When a line below contains the string "Fbar", show that line.

Saved entries
┄┄┄┄┄┄┄┄┄┄

(* Let $F_2=\langle x,y\rangle$ be the free group of rank $2$, and for $i=1,2,\ldots$ let $$a_i(x,y)=y^{(x y^i)^{2} x^{-1}}\, y^{-x}\in F_2 .$$ Let $\bar F=\langle a_i(x,y)\mid i=1,2,\ldots\rangle\le F_2$. For any subgroup $N$ of $\bar F$, let $\bar N$ be the normal closure of $N$ in $\bar F$ and $\tilde N$ the normal closure of $N$ in $F_2$. Then $\bar F\cap\tilde N=\bar N$.
   Context: Notation: $u^v=v^{-1}uv$ and $u^{-v}=(u^{-1})^v$. *)

From mathcomp Require Import all_boot.
Set Implicit Arguments. Unset Strict Implicit. Unset Printing Implicit Defensive.

(* A letter (g, e): g = false means x, g = true means y; e = true means inverse. *)
Definition letter := (bool * bool)%type.
Definition word := seq letter.

Definition inv_letter (l : letter) : letter := (l.1, ~~ l.2).
Definition cancels (a b : letter) : bool := (a.1 == b.1) && (a.2 != b.2).

Fixpoint reducedb (w : word) : bool :=
  match w with
  | a :: ((b :: _) as t) => ~~ cancels a b && reducedb t
  | _ => true
  end.

Definition push (l : letter) (w : word) : word :=
  match w with
  | b :: t => if cancels l b then t else l :: w
  | [::] => [:: l]
  end.
Definition reduce (w : word) : word := foldr push [::] w.

Lemma reducedb_tail a t : reducedb (a :: t) -> reducedb t.
Proof. by case: t => //= b t /andP[]. Qed.

Lemma push_reduced l w : reducedb w -> reducedb (push l w).
Proof.
case: w => [|b t] // H; rewrite /push.
case: ifP => Hc; first exact: (reducedb_tail H).
by move: H; rewrite /= Hc.
Qed.

Lemma reduce_reduced w : reducedb (reduce w).
Proof. by elim: w => //= l w IH; apply: push_reduced. Qed.

Definition F2 := {w : word | reducedb w}.

Definition one : F2 := exist _ [::] isT.
Definition mul (u v : F2) : F2 :=
  exist _ (reduce (sval u ++ sval v)) (reduce_reduced _).
Definition inv (u : F2) : F2 :=
  exist _ (reduce (rev (map inv_letter (sval u)))) (reduce_reduced _).
Definition xgen : F2 := exist _ [:: (false, false)] isT.
Definition ygen : F2 := exist _ [:: (true, false)] isT.

(* u ^ v = v^-1 u v *)
Definition conj (u v : F2) : F2 := mul (inv v) (mul u v).
Definition pow (u : F2) (n : nat) : F2 := iter n (mul u) one.

Definition a_elt (i : nat) : F2 :=
  mul (conj ygen (mul (pow (mul xgen (pow ygen i)) 2) (inv xgen)))
      (conj (inv ygen) xgen).

Definition subgroup (H : F2 -> Prop) : Prop :=
  [/\ H one, (forall u v, H u -> H v -> H (mul u v)) & (forall u, H u -> H (inv u))].

Definition gen (S : F2 -> Prop) (g : F2) : Prop :=
  forall H, subgroup H -> (forall s, S s -> H s) -> H g.

Definition Fbar : F2 -> Prop := gen (fun g => exists i, 0 < i /\ g = a_elt i).

Definition ncl (K N : F2 -> Prop) (g : F2) : Prop :=
  forall H, subgroup H -> (forall h, H h -> K h) -> (forall n, N n -> H n) ->
    (forall k h, K k -> H h -> H (conj h k)) -> H g.

Definition F2all : F2 -> Prop := fun _ => True.

(* The inclusion of the normal closure of N in Fbar into Fbar ∩ Ñ is formal.
   For the converse, any right F2-set X is embedded into an F2-set on
   Z * (X * (Z * W)), W the reduced words over nat * {±1}, on which Fbar acts
   through X at the base points (0, (c, (0, []))) and trivially elsewhere:
   x shifts the first coordinate (the level), and y acts on each level by a
   permutation chosen so that the word a_i moves nothing off level 0, while on
   level 0 the counter and the word W remember i long enough for the level -1
   to translate c by a_i exactly at base points.
   Taking for X the subsets of F2 acted on by right translation, the right
   cosets of N̄ with representatives in Fbar form an invariant family fixed by
   N, hence by Ñ.  An element g of Fbar ∩ Ñ thus fixes the base point with
   c = N̄, i.e. N̄g = N̄ and g ∈ N̄. *)

From Stdlib Require Import ZArith Lia FunctionalExtensionality PropExtensionality.
From mathcomp Require Import all_boot.

Set Implicit Arguments.
Unset Strict Implicit.
Unset Printing Implicit Defensive.

Lemma iter_cancel (T : Type) (f g : T -> T) n :
  cancel f g -> cancel (iter n f) (iter n g).
Proof.
by move=> fK; elim: n => // n IHn x; rewrite [iter n.+1 g _]iterSr iterS fK IHn.
Qed.

(** * Reduced words *)

Section ReducedWords.

Variable A : eqType.
Implicit Types (l a b : A * bool) (u v w r : seq (A * bool)).

Definition flip_letter l : A * bool := (l.1, ~~ l.2).
Definition cancelw a b : bool := (a.1 == b.1) && (a.2 != b.2).

Fixpoint reducedw w : bool :=
  match w with
  | a :: ((b :: _) as t) => ~~ cancelw a b && reducedw t
  | _ => true
  end.

Definition pushw l w : seq (A * bool) :=
  if w is b :: t then (if cancelw l b then t else l :: w) else [:: l].

Definition reducew w : seq (A * bool) := foldr pushw [::] w.

Lemma cancelwE a b : cancelw a b = (b == flip_letter a).
Proof.
case: a b => [a1 a2] [b1 b2]; rewrite /cancelw /flip_letter /= xpair_eqE eq_sym.
by case: a2; case: b2.
Qed.

Lemma cancelw_flip l : cancelw (flip_letter l) l.
Proof. by rewrite cancelwE /flip_letter /= negbK; case: l. Qed.

Lemma flip_letterK : involutive flip_letter.
Proof. by case=> a e; rewrite /flip_letter negbK. Qed.

Lemma reducedw_behead a w : reducedw (a :: w) -> reducedw w.
Proof. by case: w => //= b w /andP[]. Qed.

Lemma pushw_reduced l w : reducedw w -> reducedw (pushw l w).
Proof.
case: w => [|b t] //= Hw; case: ifP => [_|Hc]; first exact: reducedw_behead Hw.
by rewrite /= Hc.
Qed.

Lemma pushwK l w : reducedw w -> pushw (flip_letter l) (pushw l w) = w.
Proof.
case: w => [|b t]; first by rewrite /= cancelw_flip.
rewrite {2}/pushw; case: ifP => [|_ _]; last by rewrite /= cancelw_flip.
rewrite cancelwE => /eqP ->; case: t => [|c t] //= /andP[Hbc _].
by rewrite (negbTE Hbc).
Qed.

Lemma foldr_pushw_reduced r w : reducedw r -> reducedw (foldr pushw r w).
Proof. by move=> Hr; elim: w => //= l w; apply: pushw_reduced. Qed.

Lemma reducew_reduced w : reducedw (reducew w).
Proof. exact: foldr_pushw_reduced. Qed.

Lemma reducew_id w : reducedw w -> reducew w = w.
Proof.
elim: w => //= a t IHt Hw; rewrite IHt; last exact: reducedw_behead Hw.
by case: t Hw {IHt} => //= b t /andP[/negbTE ->].
Qed.

Lemma foldr_pushw_push r l w : reducedw r ->
  foldr pushw r (pushw l w) = pushw l (foldr pushw r w).
Proof.
move=> Hr; case: w => [|b t] //=; case: ifP => //; rewrite cancelwE => /eqP ->.
by rewrite -{1}[l]flip_letterK pushwK // foldr_pushw_reduced.
Qed.

Lemma foldr_pushw_reducew r w :
  reducedw r -> foldr pushw r (reducew w) = foldr pushw r w.
Proof. by move=> Hr; elim: w => //= l w IHw; rewrite foldr_pushw_push // IHw. Qed.

Lemma reducew_cat u v : reducew (u ++ v) = foldr pushw (reducew v) u.
Proof. exact: foldr_cat. Qed.

Lemma reducew_catA u v w :
  reducew (reducew (u ++ v) ++ w) = reducew (u ++ reducew (v ++ w)).
Proof.
rewrite reducew_cat foldr_pushw_reducew ?reducew_reduced // foldr_cat.
by rewrite reducew_cat (reducew_id (reducew_reduced _)) reducew_cat.
Qed.

Lemma foldr_pushwK r w : reducedw r ->
  foldr pushw (foldr pushw r w) (rev (map flip_letter w)) = r.
Proof.
elim: w r => //= l w IHw r Hr.
by rewrite rev_cons foldr_rcons pushwK ?IHw ?foldr_pushw_reduced.
Qed.

Lemma foldr_pushwVK r w : reducedw r ->
  foldr pushw (foldr pushw r (rev (map flip_letter w))) w = r.
Proof.
elim: w r => //= l w IHw r Hr.
rewrite rev_cons foldr_rcons IHw ?pushw_reduced //.
by rewrite -{1}[l]flip_letterK pushwK.
Qed.

Lemma reducew_catVw w : reducew (reducew (rev (map flip_letter w)) ++ w) = [::].
Proof.
by rewrite reducew_cat foldr_pushw_reducew ?reducew_reduced // /reducew foldr_pushwK.
Qed.

Lemma reducew_catwV w : reducew (w ++ reducew (rev (map flip_letter w))) = [::].
Proof.
by rewrite reducew_cat (reducew_id (reducew_reduced _)) /reducew foldr_pushwVK.
Qed.

Section WordAction.

Variables (T : Type) (f : A * bool -> T -> T).
Hypothesis fK : forall l, cancel (f l) (f (flip_letter l)).

Definition actw w (o : T) : T := foldl (fun o l => f l o) o w.

Lemma actw_pushw l w o : actw (pushw l w) o = actw (l :: w) o.
Proof.
case: w => [|b t] //=; case: ifP => // /[!cancelwE] /eqP ->.
by rewrite /= fK.
Qed.

Lemma actw_reducew w o : actw (reducew w) o = actw w o.
Proof. by elim: w o => //= l w IHw o; rewrite actw_pushw /= IHw. Qed.

End WordAction.
End ReducedWords.

Lemma mulA u v w : mul (mul u v) w = mul u (mul v w).
Proof. by apply: val_inj; exact: reducew_catA. Qed.

Lemma mul1g u : mul one u = u.
Proof. by apply: val_inj; exact: reducew_id (valP u). Qed.

Lemma mulg1 u : mul u one = u.
Proof. by apply: val_inj; rewrite /= cats0; exact: reducew_id (valP u). Qed.

Lemma mulVg u : mul (inv u) u = one.
Proof. by apply: val_inj; exact: reducew_catVw. Qed.

Lemma mulgV u : mul u (inv u) = one.
Proof. by apply: val_inj; exact: reducew_catwV. Qed.

Lemma mulKg u v : mul (inv u) (mul u v) = v.
Proof. by rewrite -mulA mulVg mul1g. Qed.

Lemma mulKVg u v : mul u (mul (inv u) v) = v.
Proof. by rewrite -mulA mulgV mul1g. Qed.

Lemma mulgKV u v : mul (mul v (inv u)) u = v.
Proof. by rewrite mulA mulVg mulg1. Qed.

Lemma inv_uniq u v : mul u v = one -> v = inv u.
Proof. by move=> uv1; rewrite -(mulKg u v) uv1 mulg1. Qed.

Lemma invK u : inv (inv u) = u.
Proof. by symmetry; apply: inv_uniq; rewrite mulVg. Qed.

Lemma inv1 : inv one = one.
Proof. by symmetry; apply: inv_uniq; rewrite mulg1. Qed.

Lemma inv_mul u v : inv (mul u v) = mul (inv v) (inv u).
Proof. by symmetry; apply: inv_uniq; rewrite mulA mulKVg mulgV. Qed.

(** * Subgroups, normal closures and right actions *)

Lemma subgroup_conj (H : F2 -> Prop) h k : subgroup H -> H h -> H k -> H (conj h k).
Proof. by case=> _ Hmul Hinv Hh Hk; apply: Hmul (Hinv _ Hk) (Hmul _ _ Hh Hk). Qed.

Lemma subgroupI (H K : F2 -> Prop) :
  subgroup H -> subgroup K -> subgroup (fun g => H g /\ K g).
Proof.
case=> H1 Hmul Hinv [K1 Kmul Kinv]; split=> [//|u v [Hu Ku] [Hv Kv]|u [Hu Ku]].
  by split; [apply: Hmul | apply: Kmul].
by split; [apply: Hinv | apply: Kinv].
Qed.

Lemma gen_subgroup S : subgroup (gen S).
Proof.
split=> [H [] //|u v Hu Hv H HH HS|u Hu H HH HS]; case: (HH) => _ Hmul Hinv.
  exact: Hmul (Hu H HH HS) (Hv H HH HS).
exact: Hinv (Hu H HH HS).
Qed.

Lemma gen_base (S : F2 -> Prop) s : S s -> gen S s.
Proof. by move=> Ss H _; apply. Qed.

Lemma ncl_subgroup K M : subgroup (ncl K M).
Proof.
split=> [H [] //|u v Hu Hv H HH HK HM HC|u Hu H HH HK HM HC]; case: (HH) => _ Hmul Hinv.
  exact: Hmul (Hu H HH HK HM HC) (Hv H HH HK HM HC).
exact: Hinv (Hu H HH HK HM HC).
Qed.

Lemma ncl_base K (M : F2 -> Prop) n : M n -> ncl K M n.
Proof. by move=> Mn H _ _ HM _; apply: HM. Qed.

Lemma ncl_conj K M h k : K k -> ncl K M h -> ncl K M (conj h k).
Proof. by move=> Kk Hh H HH HK HM HC; apply: HC (Hh H HH HK HM HC). Qed.

Lemma Fbar_subgroup : subgroup Fbar.
Proof. exact: gen_subgroup. Qed.

Lemma Fbar_a_elt i : 0 < i -> Fbar (a_elt i).
Proof. by move=> i_gt0; apply: gen_base; exists i. Qed.

Section RightAction.

Variables (T : Type) (ra : F2 -> T -> T).
Hypothesis ra1 : forall o, ra one o = o.
Hypothesis raM : forall u v o, ra (mul u v) o = ra v (ra u o).

Lemma raK u : cancel (ra u) (ra (inv u)).
Proof. by move=> o; rewrite -raM mulgV ra1. Qed.

Lemma raVK u : cancel (ra (inv u)) (ra u).
Proof. by move=> o; rewrite -raM mulVg ra1. Qed.

Lemma ra_conj h k o : ra (conj h k) o = ra k (ra h (ra (inv k) o)).
Proof. by rewrite !raM. Qed.

Lemma ra_pow u n o : ra (pow u n) o = iter n (ra u) o.
Proof. by elim: n o => //= n IHn o; rewrite raM IHn -iterSr. Qed.

Lemma ra_agree_subgroup (rb : F2 -> T -> T) :
  (forall o, rb one o = o) -> (forall u v o, rb (mul u v) o = rb v (rb u o)) ->
  subgroup (fun g => ra g =1 rb g).
Proof.
move=> rb1 rbM; split=> [o|u v Hu Hv o|u Hu o]; first by rewrite ra1 rb1.
  by rewrite raM rbM Hu Hv.
have rbVK : rb u (rb (inv u) o) = o by rewrite -rbM mulVg rb1.
by rewrite -{1}rbVK -Hu raK.
Qed.

Lemma ncl_fixes (Q : T -> Prop) (N : F2 -> Prop) :
  (forall g o, Q o -> Q (ra g o)) -> (forall n o, N n -> Q o -> ra n o = o) ->
  forall g, ncl F2all N g -> forall o, Q o -> ra g o = o.
Proof.
move=> Qra Nfix g Ng; apply: (Ng (fun g => forall o, Q o -> ra g o = o)) => //.
- split=> [o _|u v Hu Hv o Qo|u Hu o Qo]; first exact: ra1.
    by rewrite raM Hu // Hv.
  by rewrite -{1}(Hu _ (Qra _ _ Qo)) raVK.
- by move=> n Nn o; apply: Nfix.
- by move=> k h _ Hh o Qo; rewrite ra_conj Hh ?raVK //; apply: Qra.
Qed.

End RightAction.

(** * An F2-set on which Fbar acts only at base points *)

Definition a_conjugator i : F2 := mul (pow (mul xgen (pow ygen i)) 2) (inv xgen).

Lemma a_eltE i : a_elt i = mul (conj ygen (a_conjugator i)) (conj (inv ygen) xgen).
Proof. by []. Qed.

Definition stack := {w : seq (nat * bool) | reducedw w}.

Definition pushs (l : nat * bool) (p : stack) : stack :=
  exist _ (pushw l (sval p)) (pushw_reduced l (valP p)).

Lemma pushsK e k p : pushs (k, ~~ e) (pushs (k, e) p) = p.
Proof. by apply: val_inj; exact: pushwK (valP p). Qed.

Record tally := Tally { height : Z; trail : stack }.

Definition zsign (e : bool) : Z := if e then (-1)%Z else 1%Z.

Lemma zsignK e s : (s + zsign e + zsign (~~ e))%Z = s.
Proof. by case: e => /=; lia. Qed.

Definition mark (e : bool) (s : Z) (p : stack) : stack :=
  if (0 <? s)%Z then pushs (Z.to_nat s, e) p else p.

┄┄┄┄┄┄┄┄┄┄

■ **THE COMPLETED TASK**:
Definition Fbar : F2 -> Prop := gen (fun g => exists i, 0 < i /\ g = a_elt i).
(* The inclusion of the normal closure of N in Fbar into Fbar ∩ Ñ is formal.
   Z * (X * (Z * W)), W the reduced words over nat * {±1}, on which Fbar acts
   cosets of N̄ with representatives in Fbar form an invariant family fixed by
   N, hence by Ñ.  An element g of Fbar ∩ Ñ thus fixes the base point with
Lemma Fbar_subgroup : subgroup Fbar.
Lemma Fbar_a_elt i : 0 < i -> Fbar (a_elt i).
(** * An F2-set on which Fbar acts only at base points *)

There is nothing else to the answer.